In previous work, we observed a decrease in red fluorescence intensity in the tracked neuron due to photobleaching over time; typically, after 15 min of tracking, the red fluorescence rate was reduced to 40% of its initial value36. An exponential fit to the red fluorescence rate of the tracked neuron, as measured by the tracker, for the experiment shown in Fig. 2, found that the tracked neuron was reduced to 75% of its initial fluorescence over  ~260 s of tracking. For the experiment in Fig. 4, the final neuron’s tracked fluorescence was reduced to 80% of the initial. Both of these results are consistent with previously measured rates of bleaching. The MDN experiments (Fig. 5) showed no degradation in red fluorescence over 15 min of tracking, but also recovered lower raw rates of mCherry fluorescence from the tracked neuron. In contrast to our tracking-only microscopes36,37, where the red fluorescence of the tracked neuron was used for both spatial feedback and ratiometric correction of the green fluorescence signal, in CRASH2p, the tracked neuron’s fluorescence is used only for spatial feedback during the actual experiment and not in later analysis.

Feedback

Following each measurement, the estimated position of the measured neuron was updated. We used this updated location to calculate the location of the next measurement scan. Other layers of feedback served to keep the tracked neuron centered within the field of view. From fastest to slowest: The x-y galvo deflectors were directed to the estimated location of the tracked neurons (on the imaging path, the estimated location of the tracked neuron was added as an offset to the x- and y- deflection of the scan galvos), the piezo positioner on the objective was set to bring the estimated z- location of the neuron to the natural focus of the objective, and the stage was moved in all three axes to bring the tracked neuron to the natural central position (galvos centered and objective piezo at half range) of the microscope.

Stage position commands were generated by a PID control loop with a 25 ms update rate. Each axis was controlled separately; for all 3 axes the error signal was the displacement of the tracked neuron from the natural objective focus. PID parameters were tuned by adjusting the 100 micron step response of the system to respond quickly without overshooting. Note that the stage controller includes its own PID parameters to translate control signals into motor controls; these were not adjusted.

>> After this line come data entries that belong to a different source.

(* There is a left proper model structure on the category $s_{inj}\mathbf{Set}$ of semi-simplicial sets in which every morphism is a cofibration, a morphism $f:X\to Y$ is a weak equivalence if and only if $\dim X=\dim Y$, and the fibrations are the morphisms with the right lifting property against all weak equivalences.
   Context: $\Delta_{inj}$ is the category of nonempty finite totally ordered sets $[k]=\{0<\cdots<k\}$ and order-preserving injections; $s_{inj}\mathbf{Set}$ is the category of functors $\Delta_{inj}^{op}\to\mathbf{Set}$. For $X\in s_{inj}\mathbf{Set}$, $\dim X\in\{0,1,2,\dots\}\cup\{\infty\}$ is the smallest $n\ge 0$ such that $X([k])=\emptyset$ for all $k>n$, or $\infty$ if no such $n$ exists. A model structure is a triple (weak equivalences, cofibrations, fibrations) with (cof, fib $\cap$ we) and (cof $\cap$ we, fib) weak factorization systems and weak equivalences satisfying two-out-of-three; left proper means pushouts of weak equivalences along cofibrations are weak equivalences. *)

From mathcomp Require Import all_boot.
Set Implicit Arguments. Unset Strict Implicit. Unset Printing Implicit Defensive.

(* The object [k] = {0 < ... < k} is represented by k : nat, with underlying set 'I_k.+1.
   A morphism [m] -> [n] is an order-preserving injection, i.e. a strictly increasing map. *)
Definition incr (m n : nat) (f : {ffun 'I_m.+1 -> 'I_n.+1}) : bool :=
  [forall i : 'I_m.+1, forall j : 'I_m.+1, (i < j) ==> (f i < f j)].

Definition Dinj (m n : nat) := {f : {ffun 'I_m.+1 -> 'I_n.+1} | incr f}.

Lemma incr_id n : incr ([ffun i => i] : {ffun 'I_n.+1 -> 'I_n.+1}).
Proof. by apply/forallP=> i; apply/forallP=> j; rewrite !ffunE; apply/implyP. Qed.

Definition Dinj_id (n : nat) : Dinj n n := exist _ [ffun i => i] (incr_id n).

Lemma incr_comp m n p (g : Dinj n p) (f : Dinj m n) :
  incr ([ffun i => (val g) ((val f) i)] : {ffun 'I_m.+1 -> 'I_p.+1}).
Proof.
case: g => g /= Hg; case: f => f /= Hf.
apply/forallP=> i; apply/forallP=> j; rewrite !ffunE; apply/implyP=> Hij.
have := forallP (forallP Hf i) j; move/implyP/(_ Hij) => H1.
exact: (implyP (forallP (forallP Hg (f i)) (f j)) H1).
Qed.

Definition Dinj_comp m n p (g : Dinj n p) (f : Dinj m n) : Dinj m p :=
  exist _ [ffun i => (val g) ((val f) i)] (incr_comp g f).

Unset Implicit Arguments.
Record ssSet := SsSet {
  ss_obj :> nat -> Type;
  ss_act : forall m n, Dinj m n -> ss_obj n -> ss_obj m;
  ss_act_id : forall n (x : ss_obj n), ss_act n n (Dinj_id n) x = x;
  ss_act_comp : forall m n p (g : Dinj n p) (f : Dinj m n) (x : ss_obj p),
      ss_act m p (Dinj_comp g f) x = ss_act m n f (ss_act n p g x)
}.

Record ssHom (X Y : ssSet) := SsHom {
  hom_fun :> forall n, X n -> Y n;
  hom_nat : forall m n (f : Dinj m n) (x : X n),
      hom_fun m (ss_act X m n f x) = ss_act Y m n f (hom_fun n x)
}.

Set Implicit Arguments.
Arguments ss_act s [m n] _ _.
Arguments hom_fun [X Y] s n _.
Arguments hom_nat [X Y] s [m n] f x.

Definition ssId (X : ssSet) : ssHom X X := @SsHom X X (fun n x => x) (fun m n f x => erefl).

Lemma ssComp_nat (X Y Z : ssSet) (g : ssHom Y Z) (f : ssHom X Y) m n (a : Dinj m n) (x : X n) :
  g m (f m (@ss_act X m n a x)) = @ss_act Z m n a (g n (f n x)).
Proof. by rewrite hom_nat hom_nat. Qed.

Definition ssComp (X Y Z : ssSet) (g : ssHom Y Z) (f : ssHom X Y) : ssHom X Z :=
  @SsHom X Z (fun n x => g n (f n x)) (ssComp_nat g f).

Definition homEq (X Y : ssSet) (f g : ssHom X Y) : Prop := forall n (x : X n), f n x = g n x.

Definition MorClass := forall X Y : ssSet, ssHom X Y -> Prop.

Definition allMor : MorClass := fun _ _ _ => True.
Definition capMor (P Q : MorClass) : MorClass := fun X Y f => P X Y f /\ Q X Y f.

Definition Lifts (A B X Y : ssSet) (i : ssHom A B) (p : ssHom X Y) : Prop :=
  forall (u : ssHom A X) (v : ssHom B Y), homEq (ssComp p u) (ssComp v i) ->
    exists h : ssHom B X, homEq (ssComp h i) u /\ homEq (ssComp p h) v.

Definition LLP (R : MorClass) : MorClass :=
  fun A B i => forall X Y (p : ssHom X Y), R X Y p -> Lifts i p.
Definition RLP (L : MorClass) : MorClass :=
  fun X Y p => forall A B (i : ssHom A B), L A B i -> Lifts i p.

Definition WFS (L R : MorClass) : Prop :=
  (forall X Y (f : ssHom X Y), exists (Z : ssSet) (l : ssHom X Z) (r : ssHom Z Y),
      L X Z l /\ R Z Y r /\ homEq (ssComp r l) f) /\
  (forall X Y (f : ssHom X Y), L X Y f <-> @LLP R X Y f) /\
  (forall X Y (f : ssHom X Y), R X Y f <-> @RLP L X Y f).

Definition TwoOutOfThree (W : MorClass) : Prop :=
  forall (X Y Z : ssSet) (f : ssHom X Y) (g : ssHom Y Z),
    (W X Y f -> W Y Z g -> W X Z (ssComp g f)) /\
    (W X Y f -> W X Z (ssComp g f) -> W Y Z g) /\
    (W Y Z g -> W X Z (ssComp g f) -> W X Y f).

Definition ModelStructure (W C F : MorClass) : Prop :=
  WFS C (capMor F W) /\ WFS (capMor C W) F /\ TwoOutOfThree W.

Definition IsPushout (A B C D : ssSet) (i : ssHom A B) (w : ssHom A C)
    (j : ssHom C D) (k : ssHom B D) : Prop :=
  homEq (ssComp k i) (ssComp j w) /\
  forall (Z : ssSet) (b : ssHom B Z) (c : ssHom C Z),
    homEq (ssComp b i) (ssComp c w) ->
    exists u : ssHom D Z,
      homEq (ssComp u k) b /\ homEq (ssComp u j) c /\
      forall u' : ssHom D Z, homEq (ssComp u' k) b -> homEq (ssComp u' j) c -> homEq u u'.

Definition LeftProper (W C : MorClass) : Prop :=
  forall (A B C' D : ssSet) (i : ssHom A B) (w : ssHom A C') (j : ssHom C' D) (k : ssHom B D),
    C A B i -> W A C' w -> IsPushout i w j k -> W B D k.

Definition dimBound (X : ssSet) (n : nat) : Prop := forall k, n < k -> X k -> False.

(* dim X = d, where None stands for infinity *)
Definition dim_is (X : ssSet) (d : option nat) : Prop :=
  match d with
  | Some n => dimBound X n /\ (forall m, dimBound X m -> n <= m)
  | None => forall n, ~ dimBound X n
  end.

Definition sameDim (X Y : ssSet) : Prop := exists d, dim_is X d /\ dim_is Y d.

Definition dimWE : MorClass := fun X Y _ => sameDim X Y.

From mathcomp Require Import all_boot.
From Stdlib Require Import Classical ProofIrrelevance Wf_nat.

(* Only the set of dimension bounds of a semi-simplicial set
   matters: write  dimLe A X  when every bound of X bounds A ("dim A <= dim X");
   then dim X = dim Y iff dimLe holds both ways, and any map X -> Y gives
   dimLe X Y.  The degrees k with  k <= dim X  form a downward closed set, and
   A lives in those degrees exactly when dimLe A X.  For a downward closed set
   of degrees P, the truncation  Trunc Y P  of Y is a sub-object of Y, and a map
   into Y from anything supported on P corestricts to Trunc Y P.  Hence:
   - (cofibrations, trivial fibrations): trivial fibrations are isomorphisms,
     and every f factors as  id o f;
   - (trivial cofibrations, fibrations): f : X -> Y factors as
     X -> TruncDim X Y -> Y through the part of Y in degrees <= dim X, the
     second map lifting against every weak equivalence;
   - two-out-of-three holds since "same dimension" is an equivalence relation;
   - left properness: a pushout D of B <- A -> C maps to TruncDim B D. *)

Set Implicit Arguments. Unset Strict Implicit. Unset Printing Implicit Defensive.

(* A morphism [m] -> [n] of Delta_inj is injective, so  m <= n. *)
Lemma Dinj_le m n (a : Dinj m n) : m <= n.
Proof.
case: a => f /= incr_f.
have incr_ij (i j : 'I_m.+1) : i < j -> f i < f j.
  by move=> lt_ij; exact: (implyP (forallP (forallP incr_f i) j) lt_ij).
have f_inj : injective f.
  move=> i j fij; apply: val_inj => /=.
  case: (ltngtP i j) => // [/incr_ij | /incr_ij]; by rewrite fij ltnn.
by have := leq_card _ f_inj; rewrite !card_ord.
Qed.

Definition dimLe (A X : ssSet) : Prop := forall n, dimBound X n -> dimBound A n.

Lemma dimLe_trans A B C : dimLe A B -> dimLe B C -> dimLe A C.
Proof. by move=> AB BC n /BC /AB. Qed.

Lemma hom_dimLe X Y (f : ssHom X Y) : dimLe X Y.
Proof. by move=> n boundY k lt_nk x; exact: boundY k lt_nk (f k x). Qed.

Lemma dimBound_mono X n m : dimBound X n -> n <= m -> dimBound X m.
Proof. by move=> boundX le_nm k lt_mk; apply: boundX; exact: leq_ltn_trans lt_mk. Qed.

Lemma dim_exists X : exists d, dim_is X d.
Proof.
case: (classic (exists n, dimBound X n)) => [bounded | unbounded].
- have [n [[boundn least] _]] := dec_inh_nat_subset_has_unique_least_element
     (dimBound X) (fun n => classic _) bounded.
  by exists (Some n); split => // m /least /leP.
- by exists None => n boundn; apply: unbounded; exists n.
Qed.

Lemma sameDimP X Y : sameDim X Y <-> dimLe X Y /\ dimLe Y X.
Proof.
split.
- case=> [[n|] [dimX dimY]].
  + case: dimX dimY => [boundX leastX] [boundY leastY].
    split=> m boundm; apply: dimBound_mono.
    * exact: boundX.
    * exact: leastY.
    * exact: boundY.
    * exact: leastX.
  + by split=> m boundm; [case: (dimY m boundm) | case: (dimX m boundm)].
- case=> XY YX; have [d dimX] := dim_exists X; exists d; split => //.
  case: d dimX => [n [boundX leastX]|unboundX] /=.
  + by split=> [|m /XY]; [exact: YX | exact: leastX].
  + by move=> n /XY; exact: unboundX.
Qed.

Lemma sameDim_refl X : sameDim X X.
Proof. by apply/sameDimP; split=> n. Qed.

Lemma sameDim_sym X Y : sameDim X Y -> sameDim Y X.
Proof. by move=> /sameDimP [XY YX]; apply/sameDimP. Qed.

Lemma sameDim_trans X Y Z : sameDim X Y -> sameDim Y Z -> sameDim X Z.
Proof.
move=> /sameDimP [XY YX] /sameDimP [YZ ZY]; apply/sameDimP.
by split; apply: dimLe_trans; eassumption.
Qed.

Lemma homs_sameDim X Y (f : ssHom X Y) (g : ssHom Y X) : sameDim X Y.
Proof. by apply/sameDimP; split; [exact: hom_dimLe f | exact: hom_dimLe g]. Qed.

Definition Supported (P : nat -> Prop) (A : ssSet) : Prop := forall k, A k -> P k.

Definition upToDim (X : ssSet) (k : nat) : Prop := forall n, dimBound X n -> k <= n.

Lemma upToDim_down X m n : m <= n -> upToDim X n -> upToDim X m.
Proof. by move=> le_mn upn b boundb; exact: leq_trans le_mn (upn b boundb). Qed.

Lemma supported_upToDim A X : Supported (upToDim X) A <-> dimLe A X.
Proof.
split=> [suppA n boundX k lt_nk a | AX k a n /AX boundA].
- by have := suppA k a n boundX; rewrite leqNgt lt_nk.
- by rewrite leqNgt; apply/negP => lt_nk; exact: boundA k lt_nk a.
Qed.

Section Truncation.
Variables (Y : ssSet) (P : nat -> Prop).
Hypothesis P_down : forall m n, m <= n -> P n -> P m.

Definition trunc_act m n (a : Dinj m n) (y : {_ : Y n | P n}) : {_ : Y m | P m} :=
  exist _ (ss_act Y a (proj1_sig y)) (P_down (Dinj_le a) (proj2_sig y)).

Lemma trunc_act_id n (y : {_ : Y n | P n}) : trunc_act (Dinj_id n) y = y.
Proof. by case: y => y py; apply: subset_eq_compat; exact: ss_act_id. Qed.

Lemma trunc_act_comp m n p (g : Dinj n p) (f : Dinj m n) (y : {_ : Y p | P p}) :
  trunc_act (Dinj_comp g f) y = trunc_act f (trunc_act g y).
Proof. by case: y => y py; apply: subset_eq_compat; exact: ss_act_comp. Qed.

Definition Trunc : ssSet := @SsSet _ trunc_act trunc_act_id trunc_act_comp.

Definition truncIncl : ssHom Trunc Y :=
  @SsHom Trunc Y (fun n y => proj1_sig y) (fun m n f y => erefl).

Lemma Trunc_supported : Supported P Trunc.
Proof. by move=> k [y py]. Qed.

Definition corestrict Z (f : ssHom Z Y) (suppZ : Supported P Z) : ssHom Z Trunc :=
  @SsHom Z Trunc (fun n z => exist _ (f n z) (suppZ n z))
    (fun m n a z => subset_eq_compat _ _ _ _ _ _ (hom_nat f a z)).

Lemma truncIncl_lifts A B (i : ssHom A B) :
  Supported P B -> Lifts i truncIncl.
Proof.
move=> suppB u v square; exists (corestrict v suppB); split=> n x //=.
by move: (square n x) => /=; case: (u n x) => y py /= ->; apply: subset_eq_compat.
Qed.

End Truncation.

Definition TruncDim (X Y : ssSet) : ssSet := Trunc Y (@upToDim_down X).

Definition truncToDim (X Y : ssSet) : ssHom (TruncDim X Y) Y :=
  truncIncl Y (@upToDim_down X).

Lemma upToDim_self X : Supported (upToDim X) X.
Proof. by apply/supported_upToDim. Qed.

Definition corestrictToDim (X Y : ssSet) (f : ssHom X Y) : ssHom X (TruncDim X Y) :=
  corestrict (@upToDim_down X) f (@upToDim_self X).

Lemma TruncDim_dimLe X Y : dimLe (TruncDim X Y) X.
Proof. by apply/supported_upToDim; exact: Trunc_supported. Qed.

Lemma TruncDim_sameDim X Y (f : ssHom X Y) : sameDim X (TruncDim X Y).
Proof.
by apply/sameDimP; split; [exact: hom_dimLe (corestrictToDim f) | exact: TruncDim_dimLe].
Qed.

Lemma truncToDim_fibration X Y : RLP dimWE (truncToDim X Y).
Proof.
move=> A B i /sameDimP [_ BA] u.
have suppB : Supported (upToDim X) B.
  apply/supported_upToDim.
  exact: dimLe_trans BA (dimLe_trans (hom_dimLe u) (@TruncDim_dimLe X Y)).
exact: truncIncl_lifts suppB u.
Qed.

Definition IsIso (X Y : ssSet) (f : ssHom X Y) : Prop :=
  exists g : ssHom Y X, homEq (ssComp g f) (ssId X) /\ homEq (ssComp f g) (ssId Y).

Lemma iso_lifts A B X Y (i : ssHom A B) (p : ssHom X Y) : IsIso p -> Lifts i p.
Proof.
case=> g [gp pg] u v square; exists (ssComp g v); split=> n x /=.
- by rewrite -[v n _]square /=; exact: gp.
- exact: pg.
Qed.

(* A map lifting against itself (square of identities) is an isomorphism. *)
Lemma self_lifts_iso X Y (f : ssHom X Y) : Lifts f f -> IsIso f.
Proof.
move=> lift; have [g [gf fg]] := lift (ssId X) (ssId Y) (fun n x => erefl).
by exists g.
Qed.

Lemma trivial_fibration_iso X Y (f : ssHom X Y) :
  capMor (RLP dimWE) dimWE f -> IsIso f.
Proof. by case=> fib we; apply: self_lifts_iso; exact: fib. Qed.

Lemma id_trivial_fibration Y : capMor (RLP dimWE) dimWE (ssId Y).
Proof.
split; last exact: sameDim_refl.
by move=> A B i _; apply: iso_lifts; exists (ssId Y).
Qed.

Lemma cof_trivfib_WFS : WFS allMor (capMor (RLP dimWE) dimWE).
Proof.
split; [|split] => X Y f.
- by exists Y, f, (ssId Y); split; [|split; [exact: id_trivial_fibration|]].
- split=> // _ X' Y' p /trivial_fibration_iso; exact: iso_lifts.
- split=> [/trivial_fibration_iso iso_f A B i _ | lifts_f].
  + exact: iso_lifts.
  + have [g _] := self_lifts_iso (lifts_f X Y f I).
    by split; [move=> A B i _; exact: lifts_f | exact: homs_sameDim f g].
Qed.

(* (trivial cofibrations, fibrations), factoring through TruncDim X Y; an f
   lifting against truncToDim X Y yields a map Y -> TruncDim X Y, so
   dim Y <= dim X. *)
Lemma trivcof_fib_WFS : WFS (capMor allMor dimWE) (RLP dimWE).
Proof.
split; [|split] => X Y f.
- exists (TruncDim X Y), (corestrictToDim f), (truncToDim X Y).
  by split; [split=> //; exact: TruncDim_sameDim | split; [exact: truncToDim_fibration |]].
- split=> [[_ we] X' Y' p fib | lifts_f]; first exact: fib.
  split=> //; apply/sameDimP; split; first exact: hom_dimLe f.
  have [h _] := lifts_f _ _ _ (@truncToDim_fibration X Y) (corestrictToDim f) (ssId Y)
    (fun n x => erefl).
  exact: dimLe_trans (hom_dimLe h) (@TruncDim_dimLe X Y).
- by split=> fib A B i; [case=> _ /fib | move=> we; apply: fib].
Qed.

(* Weak equivalences do not depend on the map, only on the dimensions. *)
Lemma dimWE_2of3 : TwoOutOfThree dimWE.
Proof.
move=> X Y Z f g; rewrite /dimWE; split; [|split] => XY YZ.
- exact: sameDim_trans XY YZ.
- exact: sameDim_trans (sameDim_sym XY) YZ.
- exact: sameDim_trans YZ (sameDim_sym XY).
Qed.

(* In a pushout D of B <- A -> C with A -> C a weak equivalence, both legs
   corestrict to TruncDim B D, hence so does D, and dim D <= dim B. *)
Lemma dimWE_left_proper : LeftProper dimWE allMor.
Proof.
move=> A B C D i w j k _ /sameDimP [_ CA] [square universal].
apply/sameDimP; split; first exact: hom_dimLe k.
have suppC : Supported (upToDim B) C.
  by apply/supported_upToDim; exact: dimLe_trans CA (hom_dimLe i).
have [u _] := universal _ (corestrictToDim k) (corestrict (@upToDim_down B) j suppC)
  (fun n x => subset_eq_compat _ _ _ _ _ _ (square n x)).
exact: dimLe_trans (hom_dimLe u) (@TruncDim_dimLe B D).
Qed.

Theorem mainTheorem16 :
  ModelStructure dimWE allMor (RLP dimWE) /\ LeftProper dimWE allMor.
Proof.
split; last exact: dimWE_left_proper.
split; first exact: cof_trivfib_WFS.
split; first exact: trivcof_fib_WFS.
exact: dimWE_2of3.
Qed.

Post-experiment image reconstruction and correction

During experiments, the FPGA assembled XY and XZ projections of the red and green photon counts from the recorded volume in real time; these were displayed on a monitor to provide real-time feedback to the experimenter. The raw data, consisting of the FPGA clock time at which every photon was detected, the FPGA clock time of the synchronizing signals from the two tag lenses, the read-back locations of the galvos and piezo positioner at defined FPGA clock times, and other information used to synchronize the timing of stage readouts and IR ("behavior") camera frames, were streamed to the host computer and written directly to disk42.

In the initial steps of image assembly, these raw data files were parsed and global corrections applied; the true phases of the tag lenses were determined by matching the distribution of z-locations for photons, and delays in galvo analog feedback were calibrated by maximizing the sharpness of a trial image. Using the data from the imaging scan path, we then began the process of forming images and correcting for motion.

Axial dwell time correction

We are generally interested in the rate of fluorescence emission, given by the number of photons observed in a voxel or region of interest divided by the time spent probing that voxel/region of interest. If an imaged volume is sampled uniformly, then the raw photon count rate can be taken as proportional to the rate of emission and no further correction is required. Our microscope sampled space unevenly due to the pong scan pattern, the effects of motion, and the resonant axial scan. The first two effects will be discussed later in the methods; correction for the axial resonant scan was as follows:

Due to the resonant axial scan, the time spent within a region Δz (the dwell time) varied with phase of the TAG lens (ϕ). This affects the calculation of the rate vs. axial position.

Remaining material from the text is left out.